Supplied information
------------------------------------------------
Lemma bounded_measurable_cellV v : bounded_measurable (cellV D v).
Proof. by apply: bounded_measurable_natr; auto. Qed.

Lemma bounded_measurable_cellV0 v : bounded_measurable (cellV0 D v).
Proof. by apply: bounded_measurable_natr; auto. Qed.

Lemma bounded_measurable_cellV1 v : bounded_measurable (cellV1 D v).
Proof. by apply: bounded_measurable_natr; auto. Qed.

Lemma bounded_measurable_cellVW v w : bounded_measurable (cellVW D v w).
Proof. by apply: bounded_measurable_natr; auto. Qed.

Lemma bounded_measurable_cellVW0 v w : bounded_measurable (cellVW0 D v w).
Proof. by apply: bounded_measurable_natr; auto. Qed.

Lemma bounded_measurable_cellVW1 v w : bounded_measurable (cellVW1 D v w).
Proof. by apply: bounded_measurable_natr; auto. Qed.

Let bY : bounded_measurable (Yr D). Proof. by case: mD. Qed.

#[local] Hint Resolve bY bounded_measurable_cellA bounded_measurable_cellV
  bounded_measurable_cellV0 bounded_measurable_cellV1 bounded_measurable_cellVW
  bounded_measurable_cellVW0 bounded_measurable_cellVW1 bounded_measurable_sum : core.

Section CellMasses.
Variables (P : probability T R) (v : Vt).
Hypotheses (hA : forall a', 0 < Ex P (cellA D v a')) (hV0 : 0 < Ex P (cellV0 D v)).

Let Ex_cellV1 : Ex P (cellV1 D v) = Ex P (cellA D v true) + Ex P (cellA D v false).
Proof. by rewrite -ExD //; congr Ex; apply/funext => t; exact: cellV1_split. Qed.

Let Ex_cellV : Ex P (cellV D v) = Ex P (cellV1 D v) + Ex P (cellV0 D v).
Proof. by rewrite -ExD //; congr Ex; apply/funext => t; exact: cellV_split. Qed.

Let Ex_cellV1_gt0 : 0 < Ex P (cellV1 D v).
Proof. by rewrite Ex_cellV1 addr_gt0. Qed.

Lemma Ex_cellV_gt0 : 0 < Ex P (cellV D v).
Proof. by rewrite Ex_cellV addr_gt0. Qed.

Lemma Ex_cellVW_nu w :
  Ex P (cellVW1 D v w) / Ex P (cellV1 D v) = nu (Ex P) D v w ->
  Ex P (cellVW D v w) = nu (Ex P) D v w * Ex P (cellV D v).
Proof.
move=> hW1; rewrite Ex_cellV mulrDr.
rewrite (_ : Ex P (cellVW D v w) = Ex P (cellVW1 D v w) + Ex P (cellVW0 D v w)); last first.
  by rewrite -ExD //; congr Ex; apply/funext => t; exact: cellVW_split.
congr (_ + _); first by rewrite -hW1 divfK // gt_eqF.
by rewrite /nu divfK // gt_eqF.
Qed.

End CellMasses.

Variables (ex : (T -> R) -> R) (a b : R) (g f m : Vt -> Wt -> R).

Lemma bounded_measurable_phi_cell v w :
  bounded_measurable (fun t => phi_cell D ex a b g f m (fun h => h t) v w).
Proof. by rewrite /phi_cell /=; auto 10. Qed.

#[local] Hint Resolve bounded_measurable_phi_cell : core.

Lemma Ex_phi_cell (X : probability T R) v w :
  Ex X (fun t => phi_cell D ex a b g f m (fun h => h t) v w)
  = phi_cell D ex a b g f m (Ex X) v w.
Proof. by rewrite /phi_cell /= !(ExD, ExN, ExZ) //; auto 10. Qed.

Lemma Ex_phi (X : probability T R) :
  Ex X (phi ex D a b g f m) = \sum_v \sum_w phi_cell D ex a b g f m (Ex X) v w.
Proof.
rewrite (funext (phi_cellVW D ex a b g f m)) Ex_sum; last by auto.
apply: eq_bigr => v _; rewrite Ex_sum; last by auto.
by under eq_bigr do rewrite Ex_phi_cell.
Qed.

Lemma Ex_cellVW_sum (X : probability T R) (G : Vt -> Wt -> R) :
  Ex X (fun t => \sum_v \sum_w G v w * cellVW D v w t)
  = \sum_v \sum_w G v w * Ex X (cellVW D v w).
Proof.
rewrite Ex_sum; last by auto.
apply: eq_bigr => v _; rewrite Ex_sum; last by auto.
by under eq_bigr do rewrite ExZ //.
Qed.

Lemma Mfun_mixEx (P Q : probability T R) t :
  Mfun (mixEx P Q t) D a b g f m = \sum_v \sum_w
    Mintegrand D (mixEx P Q t) a b g f m v w * mixEx P Q t (cellVW D v w).
Proof.
rewrite Mfun_cellVW {1}/mixEx !Ex_cellVW_sum 2!mulr_sumr -big_split.
apply: eq_bigr => v _; rewrite 2!mulr_sumr -big_split.
apply: eq_bigr => w _ /=.
by rewrite [mixEx P Q t (cellVW D v w)]/mixEx; ring.
Qed.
------------------------------------------------
Prompt
Find the lines above with the word "Variables". Copy them out.

Result of this exercise
Variables (P : probability T R) (v : Vt).
Variables (ex : (T -> R) -> R) (a b : R) (g f m : Vt -> Wt -> R).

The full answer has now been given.